TASK TO COMPLETE:
Would you please copy each line below that includes the string "move"?

*** DATA PROVIDED

(* Let $b,c\in Z^{10}$ with $\sum_i b_i=\sum_i c_i=0$, and assume $t\nmid B_i$, $t\nmid C_i$, $t\nmid B_i+B_{i+2}$ and $t\nmid C_i+C_{i+2}$ for all odd $i$ (indices mod $10$). Then $\mathbb{M}(b)\cong\mathbb{M}(c)$ as $B_{5,10}$-modules if and only if both $$t\mid C_1B_3(C_5+C_7)B_9-B_1C_3(B_5+B_7)C_9\quad\text{and}\quad t\mid C_1B_3C_5(B_7+B_9)-B_1C_3B_5(C_7+C_9).$$
   Context: Let $Z=\mathbb{C}[[t]]$. Let $\Gamma_{10}$ be the quiver with vertices $0,1,\dots,9$ (indices taken mod $10$) on a cycle and arrows $x_i\colon i-1\to i$, $y_i\colon i\to i-1$ for $i=1,\dots,10$. Let $B_{5,10}$ be the completed path algebra of $\Gamma_{10}$ modulo the closed ideal generated by $xy=yx$ and $x^5=y^5$ at every vertex. For $b=(b_1,\dots,b_{10})\in Z^{10}$ with $\sum_i b_i=0$, the $B_{5,10}$-module $\mathbb{M}(b)$ has $V_i=Z\oplus Z$ at every vertex, and for odd $j$: $x_j=\begin{pmatrix} t& b_j\\ 0&1\end{pmatrix}$, $y_j=\begin{pmatrix} 1&-b_j\\0&t\end{pmatrix}$; for even $j$: $x_j=\begin{pmatrix}1&b_j\\0&t\end{pmatrix}$, $y_j=\begin{pmatrix}t&-b_j\\0&1\end{pmatrix}$. An isomorphism $\mathbb{M}(b)\to\mathbb{M}(c)$ is a family of invertible $Z$-linear maps $\varphi_i\colon Z^2\to Z^2$ commuting with all $x_i$ and $y_i$. For odd $i$ write $B_i=b_i+b_{i+1}$ and $C_i=c_i+c_{i+1}$ (indices mod $10$). *)

From HB Require Import structures.
From mathcomp Require Import all_boot all_order all_algebra.
From mathcomp Require Import Rstruct complex.
Set Implicit Arguments. Unset Strict Implicit. Unset Printing Implicit Defensive.
Import Order.TTheory GRing.Theory Num.Theory.
Local Open Scope ring_scope.

Definition CC : fieldType := (Rdefinitions.R)[i].

(* Z = C[[t]]: formal power series, given by their coefficient sequences. *)
Definition fps := nat -> CC.

Definition fadd (a b : fps) : fps := fun n => a n + b n.
Definition fopp (a : fps) : fps := fun n => - a n.
Definition fmul (a b : fps) : fps :=
  fun n => \sum_(i < n.+1) a i * b (n - i)%N.
Definition fone : fps := fun n => (n == 0%N)%:R.
Definition fzero : fps := fun _ => 0.
Definition ft : fps := fun n => (n == 1%N)%:R.

Definition feq (a b : fps) : Prop := forall n, a n = b n.

Definition tdvd (a : fps) : Prop := exists q : fps, feq a (fmul ft q).

(* 2x2 matrices over Z, acting on column vectors Z^2 *)
Record mat2 := Mat2 { m11 : fps; m12 : fps; m21 : fps; m22 : fps }.

Definition mmul (A B : mat2) : mat2 :=
  Mat2 (fadd (fmul (m11 A) (m11 B)) (fmul (m12 A) (m21 B)))
       (fadd (fmul (m11 A) (m12 B)) (fmul (m12 A) (m22 B)))
       (fadd (fmul (m21 A) (m11 B)) (fmul (m22 A) (m21 B)))
       (fadd (fmul (m21 A) (m12 B)) (fmul (m22 A) (m22 B))).

Definition meq (A B : mat2) : Prop :=
  [/\ feq (m11 A) (m11 B), feq (m12 A) (m12 B),
      feq (m21 A) (m21 B) & feq (m22 A) (m22 B)].

Definition mid : mat2 := Mat2 fone fzero fzero fone.

Definition minvertible (A : mat2) : Prop :=
  exists B : mat2, meq (mmul A B) mid /\ meq (mmul B A) mid.

(* Indices mod 10: an element j : 'I_10 represents the arrow index
   j (for j = 1..9) or 10 (for j = 0); vertices are 0..9.
   The arrow x_j goes from vertex j-1 (= ord_pred j) to vertex j,
   y_j goes from vertex j to vertex j-1.  Parity of j mod 10 = parity of j. *)

Definition xmat (b : 'I_10 -> fps) (j : 'I_10) : mat2 :=
  if odd j then Mat2 ft (b j) fzero fone
  else Mat2 fone (b j) fzero ft.

Definition ymat (b : 'I_10 -> fps) (j : 'I_10) : mat2 :=
  if odd j then Mat2 fone (fopp (b j)) fzero ft
  else Mat2 ft (fopp (b j)) fzero fone.

Definition sum_zero (b : 'I_10 -> fps) : Prop :=
  forall n, \sum_(i < 10) b i n = 0.

(* An isomorphism M(b) -> M(c) of B_{5,10}-modules: a family of invertible
   Z-linear maps phi_i : V_i -> V_i (vertices i) commuting with all x_j, y_j. *)
Definition Miso (b c : 'I_10 -> fps) : Prop :=
  exists phi : 'I_10 -> mat2,
    (forall i, minvertible (phi i)) /\
    (forall j : 'I_10,
        meq (mmul (phi j) (xmat b j)) (mmul (xmat c j) (phi (ord_pred j))) /\
        meq (mmul (phi (ord_pred j)) (ymat b j)) (mmul (ymat c j) (phi j))).

(* B_i = b_i + b_{i+1} (indices mod 10), used for odd i *)
Definition Bsum (b : 'I_10 -> fps) (i : 'I_10) : fps := fadd (b i) (b (ordS i)).

Definition ix (k : nat) : 'I_10 := inZp k.

(* We read the
   vertices as a chain 0, 1, ..., 10 = 0.  For a single arrow the intertwining
   equations express the matrix at one end through the matrix at the other
   end; in particular the determinant is constant along the chain, so the
   family is invertible as soon as the determinant is a nonzero constant.

   Modulo t the whole family is governed by a few constants: the lower-left
   entries at odd vertices are a common rho, and the diagonal constants
   (s, p) at consecutive even vertices are related by a "segment step"
   s' = s - rho B, p' = p + rho C with C s - B p - rho B C = 0, where B, C are
   the constant terms of B_i, C_i.  Segment steps concatenate, preserve s p,
   and satisfy C s s' = (s p) B; for a cycle of five steps a cross-ratio
   argument over four consecutive segments gives the two conditions of the
   theorem.  Conversely, under the conditions we choose rho, s_0, p_0
   explicitly so that the five segment equations hold, and then write down
   the intertwining matrices vertex by vertex. *)

From mathcomp Require Import all_boot all_order all_algebra.
From mathcomp Require Import Rstruct complex.
From Stdlib Require Import FunctionalExtensionality Ring.
From mathcomp Require Import ring.
Set Implicit Arguments. Unset Strict Implicit. Unset Printing Implicit Defensive.
Import Order.TTheory GRing.Theory Num.Theory.
Local Open Scope ring_scope.

Lemma fps_ext (a b : fps) : feq a b -> a = b.
Proof. exact: functional_extensionality. Qed.

Lemma eq_feq (a b : fps) : a = b -> feq a b.
Proof. by move->. Qed.

Definition fsub (a b : fps) : fps := fadd a (fopp b).

(* Truncation to a polynomial: the coefficients of a product below N only
   depend on the truncations of the factors at N, which transports the ring
   laws from polynomials. *)
Definition ptrunc (N : nat) (a : fps) : {poly CC} := \poly_(i < N) a i.

Lemma fmul_ptrunc (a b : fps) (N n : nat) :
  (n < N)%N -> fmul a b n = (ptrunc N a * ptrunc N b)`_n.
Proof.
move=> ltnN; rewrite coefM /fmul; apply: eq_bigr => i _.
have ltiN : (i < N)%N by apply: leq_ltn_trans ltnN; rewrite -ltnS.
have ltniN : (n - i < N)%N by apply: leq_ltn_trans ltnN; apply: leq_subr.
by rewrite !coef_poly ltiN ltniN.
Qed.

Lemma fmulC (a b : fps) : fmul a b = fmul b a.
Proof.
by apply: fps_ext => n; rewrite !(fmul_ptrunc _ _ (ltnSn n)) mulrC.
Qed.

Lemma fmulA (a b c : fps) : fmul a (fmul b c) = fmul (fmul a b) c.
Proof.
apply: fps_ext => n; set P := ptrunc n.+1.
have lt_sub i : (n - i < n.+1)%N by rewrite ltnS leq_subr.
have -> : fmul a (fmul b c) n = (P a * (P b * P c))`_n.
  rewrite /fmul coefM; apply: eq_bigr => i _.
  by rewrite coef_poly ltn_ord; congr (_ * _); exact: fmul_ptrunc.
have -> : fmul (fmul a b) c n = (P a * P b * P c)`_n.
  rewrite /fmul coefM; apply: eq_bigr => i _.
  by rewrite coef_poly lt_sub; congr (_ * _); exact: fmul_ptrunc.
by rewrite mulrA.
Qed.

Lemma fmulDl (a b c : fps) : fmul (fadd a b) c = fadd (fmul a c) (fmul b c).
Proof.
apply: fps_ext => n; rewrite /fmul /fadd -big_split /=.
by apply: eq_bigr => i _; rewrite mulrDl.
Qed.

Lemma fmul1 (a : fps) : fmul fone a = a.
Proof.
apply: fps_ext => n; rewrite /fmul big_ord_recl big1 => [|i _].
  by rewrite addr0 /fone /= mul1r subn0.
by rewrite /fone /= mul0r.
Qed.

Lemma fps_ring_theory : ring_theory fzero fone fadd fmul fsub fopp (@eq fps).
Proof.
constructor.
- by move=> a; apply: fps_ext => n; rewrite /fadd /fzero add0r.
- by move=> a b; apply: fps_ext => n; rewrite /fadd addrC.
- by move=> a b c; apply: fps_ext => n; rewrite /fadd addrA.
- exact: fmul1.
- exact: fmulC.
- exact: fmulA.
- exact: fmulDl.
- by [].
- by move=> a; apply: fps_ext => n; rewrite /fadd /fopp /fzero subrr.
Qed.

Add Ring fps_ring : fps_ring_theory.

(* Ring normalisation in C[[t]]: the Stdlib ring tactic, called explicitly
   since `ring` is the mathcomp tactic, which only knows mathcomp rings. *)
Ltac fps_ring := let G := Get_goal in ring_lookup (PackRing Ring_gen) [] G.

Definition fconst (a : CC) : fps := fun n => (n == 0%N)%:R * a.

Lemma fconstM (a b : CC) : fmul (fconst a) (fconst b) = fconst (a * b).
Proof.
apply: fps_ext => n; rewrite /fmul big_ord_recl big1 => [|i _].
  by rewrite addr0 /fconst /= subn0 mul1r mulrCA.
by rewrite /fconst /= !mul0r.
Qed.

Lemma fconst1 : fconst 1 = fone.
Proof. by apply: fps_ext => n; rewrite /fconst mulr1. Qed.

******

WRITTEN RESPONSE:
Proof. by move->. Qed.
move=> ltnN; rewrite coefM /fmul; apply: eq_bigr => i _.
- by move=> a; apply: fps_ext => n; rewrite /fadd /fzero add0r.
- by move=> a b; apply: fps_ext => n; rewrite /fadd addrC.
- by move=> a b c; apply: fps_ext => n; rewrite /fadd addrA.
- by move=> a; apply: fps_ext => n; rewrite /fadd /fopp /fzero subrr.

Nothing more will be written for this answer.